◆ **Your task**: Below are the records. List every line holding the word "bool".

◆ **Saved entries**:
——

(* Let $M_G$ be a mixed graph of order $n$ and write $\det(xI-N(M_G))=x^n+c_1x^{n-1}+\dots+c_{n-1}x+c_n$. Then for each $k$, $$c_k=\sum_{M_{G'}}(-1)^{-k+r(G')+l_{sn}(M_{G'})+l_n(M_{G'})}\cdot 2^{l_p(M_{G'})+l_n(M_{G'})},$$ where the sum runs over all elementary mixed subgraphs $M_{G'}$ of $M_G$ with $k$ vertices, $G'$ is the underlying graph of $M_{G'}$, and $l_p(M_{G'}),l_n(M_{G'}),l_{sn}(M_{G'})$ are the numbers of positive, negative and semi-negative mixed cycles in $M_{G'}$, respectively.
   Context: A mixed graph $M_G$ is obtained from a finite simple graph $G$ by orienting the edges of some subset of $E(G)$. With $\omega=\frac{1+\mathbf{i}\sqrt3}{2}$, $N(M_G)=(n_{st})$ has entry $\omega$ for an arc from $u_s$ to $u_t$, $\bar\omega$ for an arc from $u_t$ to $u_s$, $1$ for an undirected edge, $0$ otherwise. A mixed subgraph keeps the directions of $M_G$. A mixed cycle is a mixed graph whose underlying graph is a cycle; for a mixed cycle $v_1v_2\cdots v_lv_1$ its weight (in that direction) is $n_{12}n_{23}\cdots n_{(l-1)l}n_{l1}$. A mixed cycle is positive if its weight is $1$, negative if $-1$, semi-positive if its weight is in $\{\omega,\bar\omega\}$, semi-negative if in $\{-\omega,-\bar\omega\}$ (these notions do not depend on the direction). An elementary mixed graph is one in which every component is a single edge (directed or not) or a mixed cycle. For a simple graph $H$, $r(H)=|V(H)|-t(H)$ where $t(H)$ is the number of components. *)

From mathcomp Require Import all_boot all_order all_algebra all_field.
Set Implicit Arguments. Unset Strict Implicit. Unset Printing Implicit Defensive.
Import Order.TTheory GRing.Theory Num.Theory.
Local Open Scope ring_scope.

Definition omega : algC := (1 + 'i * sqrtC 3) / 2.

Section MixedGraph.
Variable n : nat.

(* A mixed graph on vertices 'I_n: underlying simple graph [adj]
   (symmetric, irreflexive) and a set of arcs [arc] (arc u v = arc from u to v),
   each arc lying on an edge, at most one orientation per edge. *)
Definition mixed_graph (adj arc : rel 'I_n) : Prop :=
  [/\ forall u v, adj u v = adj v u,
      forall u, ~~ adj u u,
      forall u v, arc u v -> adj u v &
      forall u v, arc u v -> ~~ arc v u].

Definition Nmat (adj arc : rel 'I_n) : 'M[algC]_n :=
  \matrix_(s, t) (if arc s t then omega
                  else if arc t s then omega^*
                  else if adj s t then 1 else 0).

Definition edgeset (adj : rel 'I_n) : {set {set 'I_n}} :=
  [set e : {set 'I_n} | [exists u, exists v, adj u v && (e == [set u; v])]].

(* A (mixed) subgraph without isolated vertices is given by its edge set F. *)
Definition fadj (F : {set {set 'I_n}}) : rel 'I_n :=
  fun u v => [set u; v] \in F.

Definition Vset (F : {set {set 'I_n}}) : {set 'I_n} :=
  [set v | [exists u, fadj F u v]].

Definition comps (F : {set {set 'I_n}}) : {set {set 'I_n}} :=
  [set [set w | connect (fadj F) v w] | v in Vset F].

Definition cyc_seq (F : {set {set 'I_n}}) (C : {set 'I_n}) (s : seq 'I_n) : bool :=
  [&& uniq s, (3 <= size s)%N, [set x in s] == C &
      [forall x in C, forall y in C,
         fadj F x y == ((y == next s x) || (x == next s y))]].

Definition cyc_weight (N : 'M[algC]_n) (s : seq 'I_n) : algC :=
  \prod_(x <- s) N x (next s x).

Definition elementary (F : {set {set 'I_n}}) : bool :=
  [forall C in comps F,
     (#|C| == 2)%N || [exists t : (#|C|).-tuple 'I_n, cyc_seq F C t]].

Definition ncyc (N : 'M[algC]_n) (F : {set {set 'I_n}}) (W : pred algC) : nat :=
  #|[set C in comps F |
      [exists t : (#|C|).-tuple 'I_n, cyc_seq F C t && W (cyc_weight N t)]]|.

Definition l_p N F := ncyc N F (fun w => w == 1).
Definition l_n N F := ncyc N F (fun w => w == -1).
Definition l_sn N F := ncyc N F (fun w => (w == - omega) || (w == - omega^*)).

Definition rk (F : {set {set 'I_n}}) : int := #|Vset F|%:Z - #|comps F|%:Z.

End MixedGraph.

From mathcomp Require Import all_boot all_order all_algebra all_field all_fingroup.
From mathcomp Require Import zify ring.

(* Expanding det (xI - N) by the Leibniz formula, and using that N has zero
   diagonal, the coefficient of x^(n-k) is a signed sum, over the permutations s
   moving exactly k points, of the products of the N i (s i) over the moved
   points.  Only permutations whose graph {i, s i} lies in G contribute.  Group
   them by this edge set F, an elementary subgraph on k vertices: a permutation
   with edge set F is an independent choice, on every component of F, of the
   transposition of an edge or of one of the two directions around a cycle, and
   its sign is (-1)^(k + t(F)).  An edge contributes N_uv N_vu = 1 and a cycle of
   weight w contributes w + w^*; as w is a power of the primitive sixth root of
   unity omega, w + w^* is 2, -2, 1 or -1 according as the cycle is positive,
   negative, semi-positive or semi-negative. *)
Set Implicit Arguments. Unset Strict Implicit. Unset Printing Implicit Defensive.
Import Order.TTheory GRing.Theory Num.Theory.
Local Open Scope ring_scope.

Notation moved s := [set i | s i != i].

Lemma char_poly_mx_perm_prod (R : comNzRingType) (n : nat) (A : 'M[R]_n) (s : 'S_n) :
  (forall i, A i i = 0) ->
  (-1) ^+ s * \prod_i char_poly_mx A i (s i) =
  ((-1) ^+ s * \prod_(i in moved s) - A i (s i)) *: 'X^(n - #|moved s|).
Proof.
move=> A0; rewrite (bigID (mem (moved s))) /= mulrA -mul_polyC; congr (_ * _).
  rewrite rmorphM rmorph_prod rmorphXn rmorphN1; congr (_ * _).
  by apply: eq_bigr => i; rewrite inE !mxE eq_sym => /negbTE-> /=; rewrite sub0r rmorphN.
have card_fixed : #|~: moved s| = (n - #|moved s|)%N.
  by have := cardsC (moved s); rewrite card_ord; lia.
rewrite -card_fixed -prodr_const; apply: eq_big => [i|i]; first by rewrite !inE.
by rewrite inE negbK => /eqP si; rewrite !mxE si eqxx A0 subr0.
Qed.

Lemma coef_char_poly_zero_diag (R : comNzRingType) (n : nat) (A : 'M[R]_n) k :
  (forall i, A i i = 0) -> (k <= n)%N ->
  (char_poly A)`_(n - k) =
  \sum_(s : 'S_n | #|moved s| == k) (-1) ^+ s * (-1) ^+ k * \prod_(i in moved s) A i (s i).
Proof.
move=> A0 kn; rewrite /char_poly /determinant coef_sum.
rewrite (bigID (fun s : 'S_n => #|moved s| == k)) /=.
rewrite [X in _ + X]big1 ?addr0 => [|s /negbTE sk]; last first.
  rewrite char_poly_mx_perm_prod // coefZ coefXn.
  have ms_n : (#|moved s| <= n)%N by rewrite -[X in (_ <= X)%N]card_ord max_card.
  by rewrite eq_sym (eqn_sub2lE ms_n kn) sk mulr0.
apply: eq_bigr => s /eqP sk.
by rewrite char_poly_mx_perm_prod // coefZ coefXn sk eqxx mulr1 -mulrA prodrN sk.
Qed.

Definition sym_frel (T : eqType) (f : T -> T) : rel T :=
  fun x y => (y == f x) || (x == f y).

Section CycleOrientation.
Variable T : finType.
Implicit Types (s : seq T) (t : T -> T).

Lemma next_next_neq s x : uniq s -> (2 < size s)%N -> x \in s ->
  next s (next s x) != x.
Proof.
move=> us ss xs; case/rot_to: xs => i q e.
have uq : uniq (x :: q) by rewrite -e rot_uniq.
have sq : (2 < size (x :: q))%N by rewrite -e size_rot.
case: q e uq sq => [|a [|b r]] // e uq sq.
move: uq; rewrite /= !inE !negb_or => /andP[/and3P[xa xb _] /andP[/andP[ab _] _]].
have nx : next [:: x, a, b & r] x = a by rewrite next_nth mem_head /= eqxx.
have na : next [:: x, a, b & r] a = b.
  by rewrite next_nth !inE eqxx orbT /= (negbTE xa) eqxx.
by rewrite -!(next_rot i us) e nx na eq_sym.
Qed.

Lemma sym_frel_prev s : uniq s -> sym_frel (prev s) =2 sym_frel (next s).
Proof.
move=> us x y; have eq_prev z w : (z == prev s w) = (next s z == w).
  by apply/eqP/eqP => [->|<-]; [rewrite next_prev | rewrite prev_next].
by rewrite /sym_frel !eq_prev orbC ![next s _ == _]eq_sym.
Qed.

Lemma cycle_sym_frel_next s t x0 :
    uniq s -> (2 < size s)%N -> injective t -> {in s, forall x, t x \in s} ->
    {in s &, sym_frel t =2 sym_frel (next s)} ->
  x0 \in s -> t x0 = next s x0 -> {in s, forall x, t x = next s x}.
Proof.
move=> us ss ti ts st x0s tx0.
have step y : y \in s -> t y = next s y -> t (next s y) = next s (next s y).
  move=> ys ty; set z := next s y.
  have zs : z \in s by rewrite mem_next.
  have : sym_frel (next s) z (t z) by rewrite -st ?ts // /sym_frel eqxx.
  case/orP=> [/eqP // | /eqP tz].
  have tzy : t z = y by rewrite -[t z](prev_next us) -tz /z prev_next.
  have := st z (next s z) zs; rewrite mem_next => /(_ zs).
  rewrite /sym_frel tzy eqxx (negbTE (next_next_neq us ss ys)) /= => /eqP tnz.
  have nnz : next s z = y by apply: ti; rewrite -tnz ty.
  by move: (next_next_neq us ss ys); rewrite -/z nnz eqxx.
move=> x xs; have : fconnect (next s) x0 x by rewrite (fconnect_cycle (cycle_next us) x0s).
move/iter_findex <-; elim: (findex _ x0 x) => [|i IH] //=.
by rewrite step //; elim: i {IH} => [|i IH] //=; rewrite mem_next.
Qed.

Lemma cycle_sym_frel_orientation s t :
    uniq s -> (2 < size s)%N -> injective t -> {in s, forall x, t x \in s} ->
    {in s &, sym_frel t =2 sym_frel (next s)} ->
  {in s, forall x, t x = next s x} \/ {in s, forall x, t x = prev s x}.
Proof.
case: s => [|x0 s'] // us ss ti ts st; set s := x0 :: s' in us ss ts st *.
have x0s : x0 \in s := mem_head x0 s'.
have : sym_frel (next s) x0 (t x0) by rewrite -st ?ts // /sym_frel eqxx.
case/orP=> /eqP tx0.
  by left; apply: cycle_sym_frel_next tx0.
right => x xs; rewrite -next_rev //.
have urs : uniq (rev s) by rewrite rev_uniq.
apply: (cycle_sym_frel_next (x0 := x0)); rewrite ?size_rev ?mem_rev //.
- by move=> y; rewrite !mem_rev; apply: ts.
- move=> y z; rewrite !mem_rev => ys zs.
  by rewrite st // -(sym_frel_prev us) /sym_frel !next_rev.
by rewrite next_rev //; apply: (canRL (prev_next us)); rewrite -tx0 ?prev_next.
Qed.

——

◆ **Your solution**:
Definition cyc_seq (F : {set {set 'I_n}}) (C : {set 'I_n}) (s : seq 'I_n) : bool :=
Definition elementary (F : {set {set 'I_n}}) : bool :=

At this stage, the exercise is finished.